Each presentation is written as a single archive file in destination.
setup_mock()
stats = TransferPipeline.process(
source="gdrive://root",
destination=OUTPUT_DIR,
strategies={"connector": "drive"},
google_token_path=os.environ.get("GOOGLE_TOKEN_PATH", "./token.json"),
)
print("=== Collect Presentations from a Folder ===")
print(json.dumps(stats, indent=2))
Collect from a Specific Slides Folder¶
Use a dedicated Drive folder that contains only presentations to scope the collection precisely.
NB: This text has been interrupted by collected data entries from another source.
(* Let $F$ be a unital formal multiplication on $V$ with associated product $\cdot$ on $k[F]$. For all $x,y\in V$ and $\mu\in k[V]$, $$T(x^*,y^* )(\mu)=\pi_V\big((\mu\cdot y)\cdot x-(\mu\cdot x)\cdot y\big).$$
   Context: $k$ is a field of characteristic $0$; $k[V]$ is the symmetric algebra of $V$ with the coalgebra structure in which elements of $V$ are primitive, counit $\epsilon$, projection $\pi_V$ onto $V$; Sweedler notation. $F\colon k[V]\otimes k[V]\to V$ is unital ($F(\mu\otimes1)=\pi_V(\mu)=F(1\otimes\mu)$), $F'$ its induced coalgebra morphism $F'(\xi)=\sum_{n\ge0}\frac1{n!}F(\xi_{(1)})\cdots F(\xi_{(n)})$, and $\mu\cdot\nu=F'(\mu\otimes\nu)$. Formal vector fields are linear maps $A\colon k[V]\to V$; their bracket is $[A,B](\mu)=\sum B\big(\mu_{(1)}A(\mu_{(2)})\big)-A\big(\mu_{(1)}B(\mu_{(2)})\big)$ (products in the symmetric algebra). Connection: $\mu*v=F(\mu\otimes v)$ for $v\in V$; $\mu\backslash^*u$ is the unique map $k[V]\otimes V\to V$ with $\sum\mu_{(1)}\backslash^*(\mu_{(2)}*v)=\epsilon(\mu)v=\sum\mu_{(1)}*(\mu_{(2)}\backslash^*v)$. Covariant derivative: $\nabla_A(B)(\mu)=\sum B\big(\mu_{(1)}A(\mu_{(2)})\big)-\big(\mu_{(1)}A(\mu_{(2)})\big)*\big(\mu_{(3)}\backslash^*B(\mu_{(4)})\big)$. Torsion: $T(A,B)=\nabla_A(B)-\nabla_B(A)-[A,B]$. Adapted field: $v^*(\mu)=\mu*v$. *)

From HB Require Import structures.
From mathcomp Require Import all_boot all_order all_algebra.
Set Implicit Arguments. Unset Strict Implicit. Unset Printing Implicit Defensive.
Import Order.TTheory GRing.Theory Num.Theory.
Local Open Scope ring_scope.

(* A monomial v_1 ... v_n of k[V] is represented by the word [:: v_1; ...; v_n]*)
(* (the empty word is 1).  A general element of k[V] is represented by a     *)
(* finite formal linear combination of words, i.e. an element of              *)
(* kV V := seq (k * seq V).  A linear map k[V] -> W is the same thing as a    *)
(* family of symmetric multilinear maps V^n -> W, i.e. a function             *)
(* seq V -> W which is symmetric and multilinear (SymMultilin); it is applied *)
(* to combinations by linear extension (lext).  Likewise a linear map         *)
(* k[V] (x) k[V] -> V is a function seq V -> seq V -> V that is symmetric     *)
(* multilinear in each argument.                                              *)
(* The coproduct (elements of V primitive) of a monomial w is                 *)
(*   Delta(w) = sum over ways of dealing the letters of w into 2 piles,       *)
(* and the iterated coproduct Delta^(m) uses m piles ([deal m w]).            *)

Section FormalMult.
Variables (k : fieldType) (V : lmodType k).

Definition kV := seq (k * seq V).

Fixpoint deal (m : nat) (w : seq V) : seq (seq (seq V)) :=
  match w with
  | [::] => [:: nseq m [::]]
  | v :: w' =>
      flatten [seq [seq set_nth [::] piles i (v :: nth [::] piles i) | i <- iota 0 m]
              | piles <- deal m w']
  end.

Definition pile (p : seq (seq V)) (i : nat) : seq V := nth [::] p i.

Definition SymMultilin (W : lmodType k) (f : seq V -> W) : Prop :=
  (forall a b : seq V, perm_eq a b -> f a = f b) /\
  (forall (a1 a2 : seq V) (c : k) (u v : V),
      f (a1 ++ (c *: u + v) :: a2) = c *: f (a1 ++ u :: a2) + f (a1 ++ v :: a2)).

Definition lext (W : lmodType k) (f : seq V -> W) (mu : kV) : W :=
  \sum_(p <- mu) p.1 *: f p.2.

Definition vec (v : V) : kV := [:: (1, [:: v])].
(* Just right of a there is an interval (a, m) containing none of the finitely
   many left ends of orbitals of g; a moved point in it lies in an orbital
   starting at or before a. *)
Lemma marked_orbital_at (g : marked) (a : R) : is_marked g -> ext_supt (fn g) a ->
  exists c d, orbital (fn g) c d /\ c <= a < d.
Proof.
  intros [Hg [[L HL] _]] [e [He Hball]].
  destruct (finite_gap_above (map fst L) a (a + e)) as [m [Hm Hgap]]; [lra|].
  assert (Hmid : Rabs (a - (a + m) / 2) < e) by (rewrite Rabs_left; lra).
  destruct (Hball _ Hmid ((m - a) / 2)) as [y [[Hy Hgy] Hclose]]; [lra|].
  apply Rabs_def2 in Hclose.
  destruct (homeo_orbital_of_moved (fn g) y Hg Hy Hgy) as [c [d [Hcd Hcyd]]].
  exists c, d. split; [exact Hcd|].
  assert (~ (a < c < m)); [|lra].
  apply Hgap. apply (in_map fst L (c, d)). now apply HL.
Qed.

Lemma standard_ext_supt (a : marked) : standard a -> exists x, ext_supt (fn a) x.
Proof. intros (_ & [Hne _] & _). exact Hne. Qed.

Lemma standard_orbital (a : marked) : standard a -> exists u v, orbital (fn a) u v.
Proof.
  intros Ha. pose proof Ha as [[Hh _] _].
  destruct (standard_ext_supt a Ha) as [x [e [He Hball]]].
  assert (Hx : Rabs (x - x) < e) by (unfold Rminus; rewrite Rplus_opp_r, Rabs_R0; exact He).
  destruct (Hball x Hx 1) as [t [[Ht Hft] _]]; [lra|].
  destruct (homeo_orbital_of_moved _ t Hh Ht Hft) as [u [v [Huv _]]]. eauto.
Qed.

Lemma ll_irrefl (a : marked) : standard a -> ~ ll a a.
Proof.
  intros Ha Hll. destruct (standard_ext_supt a Ha) as [x Hx].
  specialize (Hll x x Hx Hx). lra.
Qed.

Lemma ll_lt_asym (a c : marked) : standard a -> standard c -> ll a c -> ~ lt c a.
Proof.
  intros Ha Hc Hac [Hca|Hca];
    destruct (standard_ext_supt c Hc) as [x Hx].
  - destruct (standard_ext_supt a Ha) as [y Hy].
    specialize (Hac y x Hy Hx). specialize (Hca x y Hx Hy). lra.
  - specialize (Hac x x (Hca x (closure_of_mem _ _ Hx)) Hx). lra.
Qed.

Lemma ll_sq_trans (a b c : marked) : ll b a -> sq c a -> ll b c.
Proof. intros Hba Hca x y Hx Hy. apply Hba; [exact Hx|]. now apply Hca, closure_of_mem. Qed.

Lemma ll_osc0 (f g : marked) : ll f g -> osc f g 0.
Proof.
  intros Hfg. exists nil. split; [constructor|]. split; [reflexivity|].
  intros u v. split; [intros []|]. intros [Huv [a [b [Hab Hmeet]]]].
  destruct (orbitals_overlap_ext_supt _ _ a b u v Hab Huv Hmeet) as [w [Hf Hg]].
  specialize (Hfg w w Hf Hg). lra.
Qed.

Lemma osc0_not_straddled (f g : marked) (a b c d : R) : osc f g 0 ->
  orbital (fn f) a b -> orbital (fn g) c d -> ~ (c < a < d).
Proof.
  intros [l [_ [Hlen Hl]]] Hab Hcd Hcad.
  destruct l; [|discriminate].
  apply (proj2 (Hl c d)). split; [exact Hcd|]. exists a, b. split; [exact Hab | now left].
Qed.

Lemma fast_left_ends_differ (f g : marked) (a b d : R) :
  is_marked f -> is_marked g -> fast (f :: g :: nil) ->
  orbital (fn f) a b -> orbital (fn g) a d -> False.
Proof.
  intros (_ & _ & Hmf) (_ & _ & Hmg) [Hbumps Hfeet] Hab Had.
  pose proof (Hmf a b Hab). pose proof (Hmg a d Had).
  assert (Hdiff : ~ same_bump f a b g a d) by (apply (Hbumps 0%nat 1%nat); simpl; auto).
  apply (Hfeet 0%nat 1%nat a b a d); simpl; auto.
  pose proof (Rmin_l (mk f a) (mk g a)). pose proof (Rmin_r (mk f a) (mk g a)).
  assert (a < Rmin (mk f a) (mk g a)) by (apply Rmin_glb_lt; lra).
  exists ((a + Rmin (mk f a) (mk g a)) / 2). split; left; lra.
Qed.

Lemma osc0_not_sq (f g : marked) : standard f -> standard g -> fast (f :: g :: nil) ->
  osc f g 0 -> ~ sq f g.
Proof.
  intros Hf Hg Hfast Hosc Hsq.
  destruct (standard_orbital f Hf) as [a [b Hab]].
  pose proof (Hsq a (closure_ext_supt_orbital_left _ a b Hab)) as Ha.
  destruct (marked_orbital_at g a (proj1 Hg) Ha) as [c [d [Hcd [Hca Had]]]].
  destruct Hca as [Hca | ->].
  - exact (osc0_not_straddled f g a b c d Hosc Hab Hcd (conj Hca Had)).
  - exact (fast_left_ends_differ f g a b d (proj1 Hf) (proj1 Hg) Hfast Hab Hcd).
Qed.

Lemma inS_incl (A B : list marked) : inS A -> NoDup B -> incl B A -> inS B.
Proof.
  intros (_ & Hstd & Hcmp & Hpair) HB HBA. split; [exact HB|]. split; [|split].
  - intros a Ha. now apply Hstd, HBA.
  - intros a b Ha Hb. apply Hcmp; now apply HBA.
  - intros a b Ha Hb. apply Hpair; now apply HBA.
Qed.

Section Chain.

Variable A : list marked.
Hypothesis HA : inS A.
Hypothesis HA_nil : A <> nil.
Hypothesis HA_chain : forall i j, (i < j)%nat -> (j < length A)%nat ->
  lt (nth i A dflt) (nth j A dflt).

Let amax := last A dflt.
Let In_standard : forall x, In x A -> standard x := proj1 (proj2 HA).

Lemma In_amax : In amax A.
Proof.
  unfold amax. rewrite last_nth_pred by exact HA_nil. apply nth_In.
  destruct A; [congruence | simpl; lia].
Qed.

Lemma lt_amax (x : marked) : In x A -> x <> amax -> lt x amax.
Proof.
  intros Hx Hxmax. destruct (In_nth A x dflt Hx) as [i [Hi <-]].
  unfold amax in *. rewrite last_nth_pred in * by exact HA_nil.
  apply HA_chain; [|lia].
  destruct (Nat.eq_dec i (length A - 1)) as [->|]; [contradiction | lia].
Qed.

Lemma decomposable_ll_amax : decomposable A -> exists b, In b A /\ ll b amax.
Proof.
  intros (B & C & HB & HC & _ & _ & HBC & Hll).
  assert (HBA : forall b, In b B -> In b A) by (intros b Hb; apply HBC; now left).
  assert (HCA : forall c, In c C -> In c A) by (intros c Hc; apply HBC; now right).
  destruct B as [|b B]; [congruence|]. destruct C as [|c C]; [congruence|].
  assert (HmaxC : In amax (c :: C)).
  { destruct (proj1 (HBC amax) In_amax) as [HmaxB|]; [exfalso|assumption].
    pose proof (Hll amax c HmaxB (or_introl eq_refl)) as Hmax_c.
    assert (Hc : In c A) by (apply HCA; now left).
    destruct (classic (c = amax)) as [->|Hcmax].
    - exact (ll_irrefl amax (In_standard _ In_amax) Hmax_c).
    - exact (ll_lt_asym amax c (In_standard _ In_amax) (In_standard _ Hc) Hmax_c
               (lt_amax c Hc Hcmax)). }
  exists b. split; [apply HBA; now left | apply Hll; [now left | exact HmaxC]].
Qed.

Lemma ll_amax_decomposable (b : marked) : In b A -> ll b amax -> decomposable A.
Proof.
  intros Hb Hbmax.
  set (p := fun x => if excluded_middle_informative (ll x amax) then true else false).
  assert (Hp : forall x, p x = true <-> ll x amax)
    by (intros x; unfold p; destruct excluded_middle_informative; split; easy).
  exists (filter p A), (filter (fun x => negb (p x)) A).
  split; [|split; [|split; [|split; [|split]]]].
  - intros Hnil. assert (Hin : In b (filter p A)) by (apply filter_In; now rewrite Hp).
    now rewrite Hnil in Hin.
  - intros Hnil. assert (Hin : In amax (filter (fun x => negb (p x)) A)).
    { apply filter_In. split; [exact In_amax|].
      destruct (p amax) eqn:Hpmax; [|reflexivity].
      exfalso. apply Hp in Hpmax. exact (ll_irrefl amax (In_standard _ In_amax) Hpmax). }
    now rewrite Hnil in Hin.
  - apply (inS_incl A); [exact HA | apply NoDup_filter, HA | apply incl_filter].
  - apply (inS_incl A); [exact HA | apply NoDup_filter, HA | apply incl_filter].
  - intros x. rewrite !filter_In. destruct (p x); simpl; tauto.
  - intros x c Hx Hc. apply filter_In in Hx as [_ Hx]. apply filter_In in Hc as [HcA Hc].
    apply Hp in Hx.
    destruct (classic (c = amax)) as [->|Hcmax]; [exact Hx|].
    destruct (lt_amax c HcA Hcmax) as [Hcll|Hcsq].
    + apply Hp in Hcll. now rewrite Hcll in Hc.
    + exact (ll_sq_trans amax x c Hx Hcsq).
Qed.

Lemma ll_amax_index :
  (exists b, In b A /\ ll b amax) <->
  exists i, (i < length A - 1)%nat /\ ll (nth i A dflt) amax.
Proof.
  split.
  - intros [b [Hb Hbmax]]. destruct (In_nth A b dflt Hb) as [i [Hi <-]].
    exists i. split; [|exact Hbmax].
    destruct (Nat.eq_dec i (length A - 1)) as [Hlast|]; [exfalso|lia].
    unfold amax in Hbmax. rewrite last_nth_pred, <- Hlast in Hbmax by exact HA_nil.
    exact (ll_irrefl _ (In_standard _ Hb) Hbmax).
  - intros [i [Hi Himax]]. exists (nth i A dflt). split; [apply nth_In; lia | exact Himax].
Qed.

Lemma osc0_amax_iff_ll (i : nat) : (i < length A - 1)%nat ->
  osc (nth i A dflt) amax 0 <-> ll (nth i A dflt) amax.
Proof.
  intros Hi. split; [|apply ll_osc0].
  intros Hosc.
  assert (Hai : In (nth i A dflt) A) by (apply nth_In; lia).
  assert (Hlt : lt (nth i A dflt) amax)
    by (unfold amax; rewrite last_nth_pred by exact HA_nil; apply HA_chain; lia).
  destruct Hlt as [Hll|Hsq]; [exact Hll | exfalso].
  assert (Hpair := proj2 (proj2 (proj2 HA)) _ amax Hai In_amax (or_intror Hsq)).
  assert (Hfast : fast (nth i A dflt :: amax :: nil)) by (inversion Hpair; assumption).
  exact (osc0_not_sq _ amax (In_standard _ Hai) (In_standard _ In_amax) Hfast Hosc Hsq).
Qed.

End Chain.

Theorem lemma4p4 (A : list marked) :
  inS A ->
  A <> nil ->
  (forall i j, (i < j)%nat -> (j < length A)%nat ->
     lt (nth i A dflt) (nth j A dflt)) ->
  (decomposable A <->
   exists i, (i < length A - 1)%nat /\ osc (nth i A dflt) (last A dflt) 0).
Proof.
  intros HA HA_nil HA_chain.
  transitivity (exists b, In b A /\ ll b (last A dflt)).
  { split; [apply decomposable_ll_amax; assumption|].
    intros [b [Hb Hbmax]]. exact (ll_amax_decomposable A HA HA_nil HA_chain b Hb Hbmax). }
  rewrite (ll_amax_index A HA HA_nil).
  split; intros [i [Hi Hrel]]; exists i; split; try exact Hi;
    now apply (osc0_amax_iff_ll A HA HA_nil HA_chain).
Qed.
FOLDER_ID = os.environ.get("GDRIVE_SLIDES_FOLDER_ID", "my-slides-folder-id")
setup_mock()
stats_folder = TransferPipeline.process(
source=f"gdrive://{FOLDER_ID}",
destination=f"{OUTPUT_DIR}/decks",
strategies={"connector": "drive"},
google_token_path=os.environ.get("GOOGLE_TOKEN_PATH", "./token.json"),
)
print("=== Collect from a Specific Slides Folder ===")
print(json.dumps(stats_folder, indent=2))
Validate Output¶
Each presentation produces one archive file. The raw pageElements
structure is preserved — use the json chunking strategy to split by
slide, or flatten the text elements for full-text indexing.